Report: After-School Satan Clubs Gain Popularity, Leaders Hope to Teach Tenets of Satanic Temple


After School Satan clubs are reportedly gaining popularity “and are not likely to slow as their supporters rack up media attention and legal wins fighting for free speech,” the Hill reported on Tuesday. 

The clubs, which are associated with the Satanic Temple, are currently only offered in primary schools, although the Satanic Temple is looking to expand into high schools, according to the report. The school clubs began in early 2020 and were viewed by some as an “alternative to religious clubs,” campaign director for the After School Satan Club June Everett told the outlet. 

“That’s kind of when things started blowing up. And I anticipate that every year moving forward is going to get busier and busier,” Everett said. 

The movement has gained momentum with the help of recent legal victories.
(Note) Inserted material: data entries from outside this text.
Definition explore_step (r : nat) (s : agent_state) (o : seq nat) :=
  (AgentState (if r is r'.+2 then Explore r'.+1 else Decide) (current s) (visited s)
     (if stack s is (c, p) :: rest then (c, o ++ p) :: rest else [::]),
   Some (current s)).

Definition decide (s : agent_state) : agent_state * option nat :=
  match stack s with
  | (c, pend) :: rest =>
     match [seq d <- pend | d \notin visited s] with
     | d :: _ => (AgentState (Seek d) c (visited s) (stack s), Some c)
     | [::] => match rest with
               | (p, _) :: _ => (AgentState (Return p) c (visited s) rest, Some c)
               | [::] => (s, None) end end
  | [::] => (s, None) end.

Definition transition (W : nat) (s : agent_state) (o : seq nat) :=
  match smode s with
  | Start => if o is i :: _ then
               explore_step W (AgentState Decide i [:: i] [:: (i, [::])]) o
             else (s, None)
  | Explore r => explore_step r s o
  | Decide => decide s
  | Seek d => if d \in o then
                explore_step W (AgentState Decide d (d :: visited s) ((d, [::]) :: stack s)) o
              else (s, Some (current s))
  | Return p => if p \in o then decide (AgentState Decide p (visited s) (stack s))
                else (s, Some (current s))
  end.

Definition init_state := AgentState Start 0 [::] [::].

Definition state_after (W : nat) (h : seq (seq nat)) :=
  foldl (fun so o => transition W so.1 o) (init_state, None) h.

Definition dfs_algorithm (W : nat) : algorithm := fun h => (state_after W h).2.

(* Execution of the state machine directly, without replaying the history. *)
Fixpoint exec (W : nat) (G : seq carrier) (s : agent_state) (x t fuel : nat) :=
  let o := obs G t x in
  match transition W s o with
  | (_, None) => Some [:: x]
  | (s', Some i) =>
      match fuel with
      | 0 => None
      | f.+1 =>
          if i \in o then
            if exec W G s' (pos (carrier_of G i) t.+1) t.+1 f is Some v
            then Some (x :: v) else None
          else None
      end
  end.

Lemma run_exec W G f h x t :
  run (dfs_algorithm W) G x t h f = exec W G (state_after W h).1 x t f.
Proof.
elim: f h x t => [|f IH] h x t /=; rewrite /dfs_algorithm /state_after foldl_rcons /=;
  case E: (transition W _ _) => [s' [i|]] //=.
case: ifP => // _.
by rewrite IH /state_after foldl_rcons E.
Qed.

(* Budget accounting: a switch (seek or return) costs m + 1 <= W moves, an
   exploration W moves. *)
Lemma budget_seek W a b F m : 0 < a -> m < W -> W * (3 * a + b - 1) <= F.+1 ->
  [/\ m <= F, W <= F - m & W * (3 * a.-1 + b.+1 - 1) <= F - m - W].
Proof. by move=> *; split; nia. Qed.

Lemma budget_return W a b F m : 1 < b -> m < W -> W * (3 * a + b - 1) <= F.+1 ->
  m <= F /\ W * (3 * a + b.-1 - 1) <= F - m.
Proof. by move=> *; split; nia. Qed.

Section DFS.
Variable W : nat.
Variable G : seq carrier.
Hypothesis W_gt0 : 0 < W.
Hypothesis cid_uniq : uniq (map cid G).
Hypothesis joint_period : forall c d, c \in G -> d \in G -> exists2 q, 0 < q <= W &
  forall u, pos c (u + q) = pos c u /\ pos d (u + q) = pos d u.

Local Notation ids := (map cid G).
Local Notation car := (carrier_of G).

Lemma cid_inj c d : c \in G -> d \in G -> cid c = cid d -> c = d.
Proof.
move: cid_uniq; elim: G => //= x s IH /andP[nx us].
rewrite !inE => /predU1P[->|cs] /predU1P[->|ds] e //.
- by move: nx; rewrite e (map_f cid ds).
- by move: nx; rewrite -e (map_f cid cs).
- exact: IH.
Qed.

Lemma carrier_of_cid c : c \in G -> car (cid c) = c.
Proof.
move=> cG; have im : cid c \in ids by apply: map_f.
have lt : index (cid c) ids < size G by rewrite -(size_map cid) index_mem.
apply: cid_inj => //; first exact: mem_nth.
by rewrite -(nth_map _ 0) // nth_index.
Qed.

Lemma carrier_of_id i : i \in ids -> car i \in G /\ cid (car i) = i.
Proof. by case/mapP=> c cG ->; rewrite carrier_of_cid. Qed.

Lemma mem_obs i t x : (i \in obs G t x) = (i \in ids) && (pos (car i) t == x).
Proof.
rewrite /obs mem_sort; apply/mapP/andP.
- case=> c; rewrite mem_filter => /andP[/eqP px cG] ->.
  by rewrite carrier_of_cid // map_f // px.
- case=> ii /eqP px; exists (car i); last by case: (carrier_of_id ii).
  by rewrite mem_filter px eqxx; case: (carrier_of_id ii).
Qed.

Definition meet i j := exists u, pos (car i) u = pos (car j) u.

Lemma meet_sym i j : meet i j -> meet j i.
Proof. by case=> u e; exists u. Qed.

Lemma joint_window c d u t : c \in G -> d \in G ->
  exists2 m, m < W & pos c u = pos c (t + m) /\ pos d u = pos d (t + m).
Proof.
move=> cG dG; case: (joint_period cG dG) => q /andP[q_gt0 qW] hq.
have shift a k : pos c (a + k * q) = pos c a /\ pos d (a + k * q) = pos d a.
  elim: k => [|k [IH1 IH2]]; first by rewrite mul0n addn0.
  by rewrite mulSn (addnC q) addnA; case: (hq (a + k * q)) => -> ->.
have ts : t <= u + t * q by nia.
exists ((u + t * q - t) %% q); first by apply: leq_trans qW; rewrite ltn_mod.
have e : u + t * q = t + (u + t * q - t) %% q + (u + t * q - t) %/ q * q.
  by rewrite -addnA (addnC (_ %% q)) -divn_eq subnKC.
case: (shift u t) => <- <-.
by case: (shift (t + (u + t * q - t) %% q) ((u + t * q - t) %/ q)) => <- <-; rewrite -e.
Qed.

Lemma meet_in_window i j t : i \in ids -> j \in ids -> meet i j ->
  exists2 m, m < W & pos (car j) (t + m) = pos (car i) (t + m).
Proof.
move=> ii jj [u e]; case: (carrier_of_id ii) => iG _; case: (carrier_of_id jj) => jG _.
case: (joint_window u t iG jG) => m mW [e1 e2]; exists m => //.
by rewrite -e1 -e2 e.
Qed.

Lemma route_in_window i t u : i \in ids ->
  exists2 m, m < W & pos (car i) u = pos (car i) (t + m).
Proof.
move=> ii; case: (carrier_of_id ii) => iG _.
by case: (joint_window u t iG iG) => m mW [e1 _]; exists m.
Qed.

Lemma first_meet c tau t : c \in ids -> tau \in ids -> meet c tau ->
  exists2 m0, m0 < W & pos (car tau) (t + m0) = pos (car c) (t + m0) /\
    forall i, i < m0 -> pos (car tau) (t + i) != pos (car c) (t + i).
Proof.
move=> ci ti mct; case: (meet_in_window t ci ti mct) => m mW hm.
have ex : exists m, pos (car tau) (t + m) == pos (car c) (t + m) by exists m; rewrite hm.
case: (ex_minnP ex) => m0 /eqP h0 hmin; exists m0.
  by apply: leq_ltn_trans mW; apply: hmin; rewrite hm.
by split=> // i lt; apply/negP => /hmin; rewrite leqNgt lt.
Qed.

Definition meet_closed (V : seq nat) :=
  forall i, i \in V -> forall j, j \in ids -> meet i j -> j \in V.

(* The sites of a set of carriers are covered by [v], except those in [H]
   (sites already visited before the current position of the agent). *)
Definition covers (V : seq nat) (H : nat -> Prop) (v : seq nat) :=
  forall i, i \in V -> forall u, H (pos (car i) u) \/ pos (car i) u \in v.

Definition halts_covering (V0 : seq nat) s x t F H := exists v,
  exec W G s x t F = Some v /\
  exists Vf : seq nat, [/\ {subset V0 <= Vf}, {subset Vf <= ids}, meet_closed Vf
                         & covers Vf H v].

Lemma halts_covering_weaken V0 V0' s x t F (H1 H2 : nat -> Prop) :
  (forall y, H1 y -> H2 y) -> {subset V0' <= V0} ->
  halts_covering V0 s x t F H1 -> halts_covering V0' s x t F H2.
Proof.
move=> hH hV [v [e [Vf [s1 s2 s3 s4]]]]; exists v; split=> //; exists Vf; split=> //.
- by move=> i /hV /s1.
- by move=> i /s4 h u; case: (h u) => [/hH|]; [left|right].
Qed.

Lemma halts_covering_step V0 s s' x t F H i :
  transition W s (obs G t x) = (s', Some i) -> i \in obs G t x ->
  halts_covering V0 s' (pos (car i) t.+1) t.+1 F (fun y => H y \/ y = x) ->
  halts_covering V0 s x t F.+1 H.
Proof.
move=> e io [v [e' [Vf [s1 s2 s3 s4]]]]; exists (x :: v); split.
  by rewrite /= e io e'.
exists Vf; split=> // j /s4 h u; case: (h u) => [[|->]|]; first by left.
  by right; rewrite inE eqxx.
by move=> hv; right; rewrite inE hv orbT.
Qed.

Lemma covered_after_wait V0 s c tau : current s = c -> c \in ids -> tau \in ids ->
  (forall o, tau \notin o -> transition W s o = (s, Some c)) ->
  forall m t F H, (forall i, i < m -> pos (car tau) (t + i) != pos (car c) (t + i)) ->
  halts_covering V0 s (pos (car c) (t + m)) (t + m) F H ->
  halts_covering V0 s (pos (car c) t) t (F + m) H.
Proof.
move=> sc ci ti hs; elim=> [|m IH] t F H hne hC; first by move: hC; rewrite !addn0.
have h0 := hne 0 (ltn0Sn m); rewrite addn0 in h0.
rewrite addnS; apply: (halts_covering_step (s' := s) (i := c)).
- by apply: hs; rewrite mem_obs ti.
- by rewrite mem_obs ci eqxx.
apply: (halts_covering_weaken (V0 := V0) (H1 := H)); [by move=> y; left | by [] |].
apply: IH; last by rewrite addSnnS.
by move=> i lt; rewrite addSnnS; apply: hne.
Qed.

Fixpoint gather d t r pend :=
  if r is r'.+1 then gather d t.+1 r' (obs G t (pos (car d) t) ++ pend) else pend.

Lemma mem_gather d t r pend j : j \in gather d t r pend ->
  j \in pend \/ exists2 m, m < r & j \in obs G (t + m) (pos (car d) (t + m)).
Proof.
elim: r t pend => [|r IH] t pend /=; first by left.
case/IH => [|[m mr hm]]; last by right; exists m.+1 => //; rewrite -addSnnS.
rewrite mem_cat => /orP[h|]; last by left.
by right; exists 0 => //; rewrite addn0.
Qed.

Lemma gather_mem d t r pend j m : m < r ->
  j \in obs G (t + m) (pos (car d) (t + m)) -> j \in gather d t r pend.
Proof.
have keep t' r' p j' : j' \in p -> j' \in gather d t' r' p.
  elim: r' t' p => [|r' IH] t' p //= h.
  by apply: IH; rewrite mem_cat h orbT.
elim: r t m pend => [//|r IH] t [|m] pend /= lt h.
  by apply: keep; rewrite mem_cat -(addn0 t) h.
by apply: IH lt _; rewrite addSnnS.
Qed.
(* Every closed convex subset of $\mathbb{R}^2$ is drawable.
   Context: For $A\subseteq\mathbb{R}^2$ let $N(A)=\{x\in\mathbb{R}^2: |x-a|<1 \text{ for some } a\in A\}$. Let $\mathcal{D}_1=\{N(A_1): A_1\subseteq\mathbb{R}^2\}$ and for $n\ge 2$ let $\mathcal{D}_n=\{D\cup N(A_n): D\in\mathcal{D}_{n-1}, A_n\subseteq\mathbb{R}^2\}$ if $n$ is odd and $\mathcal{D}_n=\{D\setminus N(A_n): D\in\mathcal{D}_{n-1}, A_n\subseteq\mathbb{R}^2\}$ if $n$ is even. A set is drawable if it lies in $\mathcal{D}=\bigcup_{n\ge1}\mathcal{D}_n$. *)

From Stdlib Require Import Reals Lra.
Open Scope R_scope.

Definition pt := (R * R)%type.

Definition dist2 (x a : pt) : R :=
  sqrt ((fst x - fst a) ^ 2 + (snd x - snd a) ^ 2).

Definition N (A : pt -> Prop) : pt -> Prop :=
  fun x => exists a, A a /\ dist2 x a < 1.

(* Dn n S : S belongs to the family D_n (sets are predicates, compared
   extensionally). D_1 = {N(A_1)}; for n >= 2, D_n = {D ∪ N(A_n)} if n odd,
   {D \ N(A_n)} if n even, with D in D_{n-1}. *)
Fixpoint Dn (n : nat) (X : pt -> Prop) : Prop :=
  match n with
  | O => False
  | Datatypes.S m =>
    match m with
    | O => exists A : pt -> Prop, forall x, X x <-> N A x
    | _ => exists (D : pt -> Prop) (A : pt -> Prop),
             Dn m D /\
             (forall x, X x <->
                (if Nat.even n then D x /\ ~ N A x else D x \/ N A x))
    end
  end.

Definition drawable (S : pt -> Prop) : Prop := exists n, (1 <= n)%nat /\ Dn n S.

Definition convex (C : pt -> Prop) : Prop :=
  forall x y t, C x -> C y -> 0 <= t <= 1 ->
    C ((1 - t) * fst x + t * fst y, (1 - t) * snd x + t * snd y).

Definition closed2 (C : pt -> Prop) : Prop :=
  forall x, ~ C x -> exists e, 0 < e /\ forall y, dist2 x y < e -> ~ C y.

(** Let x be a point of N(C) outside the closed convex set C, and r = dist(x, C),
    so 0 < r < 1.  Since r / (1 - r) > r, some c0 in C has |x - c0| < r / (1 - r)
    (no nearest point is needed).  Let a be the image of x under the homothety h of
    centre c0 and ratio 1/r.  By convexity h^-1 maps C into C, so for c in C,
    |c - a| = |h^-1 c - x| / r >= 1, while |x - a| = (1/r - 1) |x - c0| < 1.
    Hence C = N(C) \ N(A), where A is the set of centres of open unit disks
    missing C, and C is in D_2. *)
From Stdlib Require Import Reals Lra Classical.
Open Scope R_scope.

Lemma exists_inf {T : Type} (P : T -> Prop) (f : T -> R) (t0 : T) (b : R) :
  P t0 -> (forall t, P t -> b <= f t) ->
  exists r, (forall t, P t -> r <= f t) /\
            (forall l, r < l -> exists t, P t /\ f t < l).
Proof.
  intros Pt0 Hb.
  set (E := fun y => exists t, P t /\ y = - f t).
  assert (HE : bound E).
  { exists (- b). intros y [t [Pt ->]]. specialize (Hb t Pt). lra. }
  destruct (completeness E HE (ex_intro _ (- f t0) (ex_intro _ t0 (conj Pt0 eq_refl))))
    as [s [Hub Hlub]].
  exists (- s). split.
  - intros t Pt. assert (- f t <= s) by (apply Hub; exists t; auto). lra.
  - intros l Hl. apply NNPP. intro Hnone.
    assert (s <= - l); [|lra].
    apply Hlub. intros y [t [Pt ->]].
    destruct (Rlt_le_dec (f t) l) as [Hlt|Hge]; [exfalso; eauto|lra].
Qed.

Lemma dist2_sym (x y : pt) : dist2 x y = dist2 y x.
Proof. unfold dist2. f_equal. ring. Qed.

Lemma dist2_refl (x : pt) : dist2 x x = 0.
Proof.
  unfold dist2. replace ((fst x - fst x) ^ 2 + (snd x - snd x) ^ 2) with 0 by ring.
  exact sqrt_0.
Qed.

Lemma sqrt_scale (k y : R) : sqrt (k ^ 2 * y) = Rabs k * sqrt y.
Proof.
  rewrite sqrt_mult_alt by (apply pow2_ge_0).
  now rewrite <- Rsqr_pow2, sqrt_Rsqr_abs.
Qed.

Definition homothety (o : pt) (k : R) (x : pt) : pt :=
  (fst o + k * (fst x - fst o), snd o + k * (snd x - snd o)).

Lemma homothety_comp (o : pt) (k l : R) (x : pt) :
  homothety o k (homothety o l x) = homothety o (k * l) x.
Proof. unfold homothety; simpl; f_equal; ring. Qed.

Lemma homothety_1 (o x : pt) : homothety o 1 x = x.
Proof. unfold homothety; destruct x; simpl; f_equal; ring. Qed.

Lemma dist2_homothety (o : pt) (k : R) (x y : pt) :
  dist2 (homothety o k x) (homothety o k y) = Rabs k * dist2 x y.
Proof.
  unfold dist2, homothety; simpl. rewrite <- sqrt_scale. f_equal. ring.
Qed.

Lemma dist2_homothety_ratio (o : pt) (k l : R) (x : pt) :
  dist2 (homothety o k x) (homothety o l x) = Rabs (k - l) * dist2 x o.
Proof.
  unfold dist2, homothety; simpl. rewrite <- sqrt_scale. f_equal. ring.
Qed.

Lemma convex_homothety (C : pt -> Prop) (o x : pt) (k : R) :
  convex C -> C o -> C x -> 0 <= k <= 1 -> C (homothety o k x).
Proof.
  intros Hcv Ho Hx Hk.
  replace (homothety o k x)
    with ((1 - k) * fst o + k * fst x, (1 - k) * snd o + k * snd x)
    by (unfold homothety; f_equal; ring).
  exact (Hcv o x k Ho Hx Hk).
Qed.

Lemma closed2_dist_lower_bound (C : pt -> Prop) (x : pt) :
  closed2 C -> ~ C x -> exists e, 0 < e /\ forall c, C c -> e <= dist2 x c.
Proof.
  intros Hcl Hx. destruct (Hcl x Hx) as [e [He Hball]].
  exists e. split; [exact He|].
  intros c Hc. destruct (Rlt_le_dec (dist2 x c) e) as [Hlt|Hge]; [|exact Hge].
  exfalso. exact (Hball c Hlt Hc).
Qed.

Lemma convex_dist_homothety (C : pt -> Prop) (o x : pt) (k r : R) :
  convex C -> C o -> 1 <= k -> (forall c, C c -> r <= dist2 x c) ->
  forall c, C c -> k * r <= dist2 c (homothety o k x).
Proof.
  intros Hcv Ho Hk Hr c Hc.
  assert (Hk_inv : 0 < / k <= 1).
  { split; [apply Rinv_0_lt_compat; lra|].
    rewrite <- Rinv_1. apply Rinv_le_contravar; lra. }
  assert (Hc' : C (homothety o (/ k) c)) by (apply convex_homothety; auto; lra).
  replace c with (homothety o k (homothety o (/ k) c)) at 1
    by (rewrite homothety_comp, Rinv_r, homothety_1 by lra; reflexivity).
  rewrite dist2_homothety, dist2_sym, Rabs_right by lra.
  apply Rmult_le_compat_l; [lra|exact (Hr _ Hc')].
Qed.

Definition far_points (C : pt -> Prop) : pt -> Prop :=
  fun a => forall c, C c -> 1 <= dist2 c a.

Lemma N_far_points (C : pt -> Prop) (x : pt) :
  closed2 C -> convex C -> ~ C x -> N C x -> N (far_points C) x.
Proof.
  intros Hcl Hcv Hx [c1 [Hc1 Hxc1]].
  destruct (closed2_dist_lower_bound C x Hcl Hx) as [e [He He_le]].
  destruct (exists_inf C (dist2 x) c1 e Hc1 He_le) as [r [Hr_le Hr_approx]].
  assert (Hr_pos : 0 < r).
  { destruct (Rlt_le_dec r e) as [Hre|]; [|lra].
    destruct (Hr_approx e Hre) as [c [Hc Hlt]]. specialize (He_le c Hc). lra. }
  assert (Hr1 : r < 1) by (specialize (Hr_le c1 Hc1); lra).
  destruct (Hr_approx (r / (1 - r))) as [c0 [Hc0 Hxc0]].
  { apply (Rmult_lt_reg_r (1 - r)); [lra|]. field_simplify; nra. }
  assert (Hk : 1 <= / r) by (rewrite <- Rinv_1; apply Rinv_le_contravar; lra).
  exists (homothety c0 (/ r) x). split.
  - intros c Hc. rewrite <- (Rinv_l r) by lra.
    exact (convex_dist_homothety C c0 x (/ r) r Hcv Hc0 Hk Hr_le c Hc).
  - rewrite <- (homothety_1 c0 x) at 1.
    rewrite dist2_homothety_ratio, Rabs_left1 by lra.
    replace (- (1 - / r)) with ((1 - r) / r) by (field; lra).
    apply Rlt_le_trans with ((1 - r) / r * (r / (1 - r))).
    + apply Rmult_lt_compat_l; [apply Rdiv_lt_0_compat; lra|exact Hxc0].
    + right. field. lra.
Qed.

Lemma closed_convex_eq_N_diff (C : pt -> Prop) :
  closed2 C -> convex C -> forall x, C x <-> N C x /\ ~ N (far_points C) x.
Proof.
  intros Hcl Hcv x. split.
  - intros Hx. split.
    + exists x. rewrite dist2_refl. auto with real.
    + intros [a [Ha Hxa]]. specialize (Ha x Hx). lra.
  - intros [HNx HNfar]. apply NNPP. intro Hx.
    exact (HNfar (N_far_points C x Hcl Hcv Hx HNx)).
Qed.

Lemma Dn_2_N_diff (A B : pt -> Prop) (X : pt -> Prop) :
  (forall x, X x <-> N A x /\ ~ N B x) -> Dn 2 X.
Proof.
  intros HX. exists (N A), B. split; [exists A; tauto|exact HX].
Qed.

Theorem theorem2p1 : forall C : pt -> Prop, closed2 C -> convex C -> drawable C.
Proof.
  intros C Hcl Hcv. exists 2%nat. split; [auto|].
  apply (Dn_2_N_diff C (far_points C)).
  exact (closed_convex_eq_N_diff C Hcl Hcv).
Qed.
Last Monday, a district court sided with the Satanic Temple and the American Civil Liberties Union (ACLU), which sued a Northampton County, Pennsylvania, school district for not allowing the club to meet on school grounds.

The Satanic Temple states on its website that it was founded in 2014 and seeks to “encourage benevolence and empathy, reject tyrannical authority.”

But as Breitbart News has previously reported, the Satanic Temple is engaged in a “pro-abortion crusade” and has repeatedly “come to the aid of America’s largest abortion provider.” The organization has notably filed multiple lawsuits in different states to overturn pro-life laws and claims pro-life laws deny the supposed right of an “‘involuntarily pregnant woman'” to engage in the “‘Satanic Abortion Ritual.'”

Watch: “Hail F*cking Satan!” — Pro-Abortion Woman Chants, Mocks Christian Pro-Lifer

Matt Perdie / Breitbart News


The report claims that despite the association with the Satanic Temple, the students “are not actually getting proselytized or instruct[ed] in devil worship.” Rose Bastet, who has been involved with the Satanic Temple for four years, claimed that the clubs are “not interested in having children identify as satanists” and said her club focuses on learning about different animals.

However, Everett told the outlet that the program could change this coming fall because they are “considering teaching some of the seven core tenets of the Satanic Temple in the clubs,” according to the report. That plan has not been finalized. 

Everett said that the organization has “a lot of big plans for next school year,” after speaking about a “children’s version” of the tenets of Satanism: 

We just came out with a book that is like the children’s version — or I should say a very sweet way to interpret — the tenets in a very understanding way that children could understand. So we might start actually using this book to talk to the kids about our seven tenets.

Everett said the Satanic Temple is looking to expand to high schools but doing so is more difficult because high school clubs require more student engagement compared to primary schools, where groups are run by adults. The temple is hoping its new partnership with the Secular Student Alliance will help further its reach with older students, according to the report.

“[Secular Student Alliance’s] specialty is really college level and high school kids. So with their partnership, we hope to use them to help us get into more high schools and colleges,” Everett said.